Краем глаза я видел, что он чувствовал, наблюдая за сожжением старейшин. Старший брат стоял недвижимый. Только глаза бегали оживлённо. Жар не выдавил из него и капельки пота. Вонь паленой плоти не сжала носа. Глаза не сощурились перед слепящим свечением. Лицо не дрогнуло! Истинный воин, полагал я с восхищением.
– Закончили, – ответил я.
– Чудесно. Тогда пойдём на свежий воздух. Пора отправляться, нечего тут задыхаться. Эй, ребятня! На выход!
Не дожидаясь, он невозмутимо направился во двор. Мы с Ацурами пошли за ним.
Под сенью орхидей собралось около трёхсот послушников. Оправившись, они оживлённо обсуждали случившееся, делясь впечатлениями и гадая над будущим.
Разговоры касались и нас, но я не слушал.
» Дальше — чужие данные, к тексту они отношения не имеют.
Lemma integral_clamp01_Smap (mu : probability R R) t :
  mu `[0, 1]%classic = 1%E -> 0 <= c -> 0 <= t -> t + c <= 1 ->
  (\int[mu]_x (clamp01 (Smap c t x))%:E = (c * mean mu + t)%:E)%E.
Proof.
move=> mu01 c0 t0 tc1.
have mclamp := @measurable_clamp01 R.
transitivity (\int[mu]_x (c%:E * (clamp01 x)%:E + t%:E))%E.
  apply: ae_eq_integral => //.
  - by apply/measurable_EFinP; exact: measurableT_comp mclamp (measurable_Smap t).
  - by apply/measurable_EFinP; apply: measurable_funD => //; exact: measurable_funM.
  exists (~` `[0, 1]%classic); split; first exact: measurableC.
    exact: measure_setC_itv01.
  move=> x /= /not_implyP[_ Sx]; rewrite in_itv /= => /andP[x0 x1]; apply: Sx.
  rewrite -EFinM -EFinD /Smap [clamp01 x]clamp01_id ?x0 // clamp01_id //.
  by apply/andP; split; nra.
rewrite ge0_integralD //; last 2 first.
- by move=> x _; rewrite mule_ge0 ?lee_fin ?clamp01_ge0.
- by apply/measurable_EFinP; exact: measurable_funM.
rewrite ge0_integralZl_EFin //; last 2 first.
- by move=> x _; exact: EFin_clamp01_ge0.
- exact: measurable_EFin_clamp01.
rewrite -meanE integral_cst // [X in (t%:E * X)%E](_ : _ = 1%E) ?mule1 //.
exact: probability_setT.
Qed.

Lemma mean_self_similar {p} {mu : probability R R} :
  0 <= c -> 0 <= p <= 1 -> 0 <= t1 -> t1 + c <= 1 -> 0 <= t2 -> t2 + c <= 1 ->
  is_ss_measure c t1 t2 p mu -> mean mu * (1 - c) = p * t1 + (1 - p) * t2.
Proof.
move=> c0 /andP[p0 p1] t10 t1c t20 t2c [mu01 ss].
have q0 : 0 <= 1 - p by rewrite subr_ge0.
pose M := measure_add (mscale (NngNum p0) (distribution mu (Smap c t1)))
                      (mscale (NngNum q0) (distribution mu (Smap c t2))).
have clamp0 := @EFin_clamp01_ge0 R.
have : (mean mu)%:E = (\int[M]_x (clamp01 x)%:E)%E.
  rewrite meanE; apply: eq_measure_integral => A mA _.
  by etransitivity; [exact: ss | symmetry; exact: measure_addE].
rewrite ge0_integral_measure_add //; last exact: measurable_EFin_clamp01.
rewrite !ge0_integral_mscale //; try exact: measurable_EFin_clamp01.
rewrite !ge0_integral_distribution //; try exact: measurable_EFin_clamp01.
rewrite /= !integral_clamp01_Smap // -!EFinM -EFinD => -[meanE'].
transitivity (mean mu - c * mean mu); first by ring.
by rewrite {1}meanE'; ring.
Qed.

End self_similar.

Theorem corollary2p6 (R : realType) (c t1 t2 p q : R)
    (mu nu : probability R R) :
  0 < c <= 1 / 2 ->
  0 <= t1 <= 1 - 2 * c ->
  t1 + c <= t2 <= 1 - c ->
  0 < p < 1 -> 0 < q < 1 -> p != q ->
  is_ss_measure c t1 t2 p mu ->
  is_ss_measure c t1 t2 q nu ->
  W1 mu nu = ((t2 - t1) / (1 - c) * `|p - q|)%:E.
Proof.
move=> /andP[c0 c12] /andP[t10 t1c] /andP[t12 t2c] p01 q01 pq ssmu ssnu.
have mean_ss (r : R) (la : probability R R) : 0 < r < 1 ->
    is_ss_measure c t1 t2 r la -> mean la = (r * t1 + (1 - r) * t2) / (1 - c).
  move=> /andP[r0 r1] ssla; have r01 : 0 <= r <= 1 by rewrite !ltW.
  have c1 : 1 - c != 0 by rewrite subr_eq0 eq_sym lt_eqF //; lra.
  by rewrite -(mean_self_similar (ltW c0) r01 t10 _ _ _ ssla) ?mulfK //; lra.
rewrite (W1_stochastically_ordered _ _ ssmu.1 ssnu.1); last first.
  case: (ltgtP p q) pq => // [pltq | qltp] _.
  - by right; apply: (pcdf_self_similar_le c0 t12 q01 (ltW pltq)).
  - by left; apply: (pcdf_self_similar_le c0 t12 p01 (ltW qltp)).
congr (_%:E); rewrite (mean_ss p) // (mean_ss q) //.
have -> : (p * t1 + (1 - p) * t2) / (1 - c) - (q * t1 + (1 - q) * t2) / (1 - c)
    = (t2 - t1) / (1 - c) * (q - p) by ring.
by rewrite normrM distrC (@ger0_norm _ ((t2 - t1) / (1 - c))) // divr_ge0; lra.
Qed.
Lemma Prob_blocks T K : uniq K -> blocks_within T K ->
  Prob q (fun om : traj E T => all (block_contracts om) K) =
  Prob q (fun v : traj E l => block_contracts v 1) ^+ size K.
Proof.
move: {2}(size K) (erefl (size K)) => n.
elim: n T K => [|n IH] T K size_K uniq_K within_T.
  by move/size0nil: size_K => ->; rewrite expr0 -(traj_prob_sum1 E q T); apply: eq_Prob.
set k0 := (\max_(k <- K) k)%N; set a := ((k0 - 1) * l)%N.
have k0_K : k0 \in K by apply: bigmax_seq_mem; case: (K) size_K.
have /andP[k0_ge1 k0l_le_T] := within_T _ k0_K.
have in_rem k : k \in rem k0 K -> (k \in K) && (k < k0)%N.
  rewrite mem_rem_uniq // inE => /andP[k_neq k_K].
  by rewrite k_K ltn_neqAle k_neq; apply: leq_bigmax_seq.
have within_a : blocks_within a (rem k0 K).
  move=> k /in_rem /andP[/within_T /andP[k_ge1 _] k_lt_k0].
  by rewrite k_ge1 /a leq_mul2r; apply/orP; right; lia.
have [b def_T] : exists b, T = (a + b)%N by exists (T - a)%N; rewrite subnKC //; nia.
have l_le_b : (l <= b)%N by nia.
have size_rem_K : size (rem k0 K) = n by rewrite size_rem // size_K.
subst T; rewrite (Prob_blocks_rem k0_K) // (IH a (rem k0 K)) ?rem_uniq //.
by rewrite size_rem_K size_K exprSr.
Qed.

End Blocks.

Section Matrices.
Variables (R : realType) (m : nat) (E : {set 'I_m * 'I_m}).

Definition mat_nonneg (A : mat R E) : Prop := forall r c, 0 <= A r c.

Lemma Mof_ge0 X : mat_nonneg (Mof R X).
Proof.
by move=> [i|e] [j|e'] /=; case: ifP => // _; rewrite ?divr_ge0 // subr_ge0 lern1 leq_b1.
Qed.

Lemma mulmat_ge0 A B : mat_nonneg A -> mat_nonneg B -> mat_nonneg (mulmat A B).
Proof. by move=> A_ge0 B_ge0 r c; apply: sumr_ge0 => z _; rewrite mulr_ge0. Qed.

Lemma prodmats_Mof_ge0 (s : seq (pattern E)) : mat_nonneg (prodmats [seq Mof R X | X <- s]).
Proof.
elim: s => [|X s IH] /=; first by move=> r c; rewrite ler0n.
exact/mulmat_ge0/IH/Mof_ge0.
Qed.

Lemma mulmat_gt0P A B r c : mat_nonneg A -> mat_nonneg B ->
  0 < mulmat A B r c <-> exists z, 0 < A r z /\ 0 < B z c.
Proof.
move=> A_ge0 B_ge0; split=> [AB_gt0|[z [Az_gt0 Bz_gt0]]].
  have /psumr_neq0P[z _|z /andP[_]] : mulmat A B r c <> 0 by apply/eqP; rewrite gt_eqF.
    by rewrite mulr_ge0.
  rewrite lt0r mulf_eq0 negb_or => /andP[/andP[Az_neq0 Bz_neq0] _].
  by exists z; rewrite !lt0r Az_neq0 Bz_neq0 A_ge0 B_ge0.
rewrite /mulmat (bigD1 z) //= ltr_wpDr ?mulr_gt0 //.
by apply: sumr_ge0 => y _; rewrite mulr_ge0.
Qed.

Lemma lambda_lt1 (A : mat R E) c : mat_nonneg A -> (forall r, 0 < A r c) -> lambda A < 1.
Proof.
move=> A_ge0 col_gt0; rewrite /lambda ltrBlDr ltrDl.
apply: (big_ind (fun x => 0 < x)) => // [x y x_gt0 y_gt0|p _]; first by rewrite lt_min x_gt0.
rewrite (bigD1 c) //= ltr_wpDr ?lt_min ?col_gt0 //.
by apply: sumr_ge0 => j _; rewrite le_min !A_ge0.
Qed.

End Matrices.

Section ReliableMatrix.
Variables (R : realType) (m : nat) (E : {set 'I_m * 'I_m}).

Definition all_reliable : pattern E := [ffun => true].
Definition Mreliable : mat R E := Mof R all_reliable.

Lemma Mreliable_link j k : (j, k) \in E -> 0 < Mreliable (inl j) (inl k).
Proof.
move=> jk_E; rewrite /Mreliable /= jk_E /Xat insubT /= ffunE mul1r invr_gt0 ltr0n.
by rewrite /outdeg card_gt0; apply/set0Pn; exists k; rewrite inE.
Qed.

Lemma Mreliable_delivers (e : edge E) : 0 < Mreliable (inr e) (inl (sval e).2).
Proof. by rewrite /Mreliable /= eqxx ffunE. Qed.

Lemma Mreliable_buffer (e e' : edge E) : Mreliable (inr e) (inr e') = 0.
Proof. by rewrite /Mreliable /= ffunE subrr; case: ifP. Qed.

Lemma prodmats_Mreliable_ge0 n : mat_nonneg (prodmats (nseq n Mreliable)).
Proof. by rewrite /Mreliable -map_nseq; apply: prodmats_Mof_ge0. Qed.

Variable i : 'I_m.
Hypothesis loop_i : (i, i) \in E.

(* A walk of length n from r to i in the support graph of Mreliable. *)
Definition reaches n r : Prop := 0 < prodmats (nseq n Mreliable) r (inl i).

Lemma reaches0 r : reaches 0 r -> r = inl i.
Proof. by rewrite /reaches /= /idmat; case: eqP => // _; rewrite ltxx. Qed.

Lemma reachesS n r : reaches n.+1 r <-> exists z, 0 < Mreliable r z /\ reaches n z.
Proof. exact/mulmat_gt0P/prodmats_Mreliable_ge0/Mof_ge0. Qed.

Lemma reaches_succ n r : reaches n r -> reaches n.+1 r.
Proof.
elim: n r => [|n IH] r.
  move/reaches0 => ->; apply/reachesS; exists (inl i); split; first exact: Mreliable_link.
  by rewrite /reaches /= /idmat eqxx ltr01.
by move/reachesS => [z [rz z_reaches]]; apply/reachesS; exists z; split; last exact: IH.
Qed.

(* Mreliable dominates every pattern one step late: a message kept in the buffer
   of link (j, k) is, under full reliability, already delivered to k, which then
   waits on its self-loop. *)
Lemma reaches_Mof X n r c : 0 < Mof R X r c -> reaches n c -> reaches n.+1 r.
Proof.
case: r c => [j|e] [k|e'] /=; case: ifP => [|_]; rewrite ?ltxx // => rc _ c_reaches.
- by apply/reachesS; exists (inl k); split; first exact: Mreliable_link.
- case: n c_reaches => [/reaches0 //|n /reachesS [[k'|e0] [e'z z_reaches]]].
    move: e'z; rewrite /Mreliable /=; case: eqP => [def_k' _|]; last by rewrite ltxx.
    apply/reaches_succ/reachesS; exists (inl k'); split => //; apply: Mreliable_link.
    by rewrite -(eqP rc) -def_k' -surjective_pairing (valP e').
  by rewrite Mreliable_buffer ltxx in e'z.
- by apply/reachesS; exists (inl k); split; rewrite // -(eqP rc); exact: Mreliable_delivers.
- by move/eqP: rc c_reaches => ->; exact: reaches_succ.
Qed.

Lemma reaches_prodmats (s : seq (pattern E)) r :
  0 < prodmats [seq Mof R X | X <- s] r (inl i) -> reaches (size s) r.
Proof.
elim: s r => [|X s IH] r /=.
  by rewrite /idmat; case: eqP => [->|]; rewrite ?ltxx // /reaches /= /idmat eqxx.
case/mulmat_gt0P => [||z [rz /IH z_reaches]]; first exact: Mof_ge0.
  exact: prodmats_Mof_ge0.
exact: reaches_Mof rz z_reaches.
Qed.

End ReliableMatrix.

Lemma Wk_all_reliable (R : realType) m (E : {set 'I_m * 'I_m}) l T k :
  Wk R l ([ffun => all_reliable E] : traj E T) k = prodmats (nseq l (@Mreliable R m E)).
Proof.
rewrite /Wk; move: (iota _ _) (size_iota ((k - 1) * l + 1) l) => ts <-.
elim: ts => //= t ts ->; congr (mulmat _ _).
by rewrite /Mt /at_time; case: insub => [t'|]; rewrite ?ffunE.
Qed.

Section Positivity.
Variables (R : realType) (m : nat) (E : {set 'I_m * 'I_m}) (q : 'I_m * 'I_m -> R).
Hypothesis q_range : forall e, e \in E -> 0 < q e <= 1.

Lemma traj_prob_ge0 T (om : traj E T) : 0 <= traj_prob q om.
Proof.
apply: prodr_ge0 => t _; apply: prodr_ge0 => e _.
by have /andP[q_gt0 q_le1] := q_range (valP e); case: ifP; rewrite ?subr_ge0 // ltW.
Qed.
В присутствии Малинового Оскала мальчишки не смели болтать и поглядывали на него с опаской.
Глаза закрылись. Я вдыхал воздух, наполненный пьянящим запахом цветов, который был приправлен утренней свежестью.
В нем ощущались новые примеси. Дух долгожданной свободы. Предчувствие великих свершений. Предвкушение встречи с Юки, которая обязательно случится. Я почувствовал себя счастливым.
– У меня кое-что есть для тебя, – сказал Рю.
– Что же?
– Подарок, – улыбнулся брат и торопливо снял один из мечей за спиной. – Какой же самурай ходит без катаны? Вот, держи.
Он торжественно преподнёс мне оружие. Но я не спешил принимать дар. Не было видимых причин. Не заслужил. Я даже раскраснелся.
– Большое спасибо, но… не стоит. Он ведь твой. Так не принято.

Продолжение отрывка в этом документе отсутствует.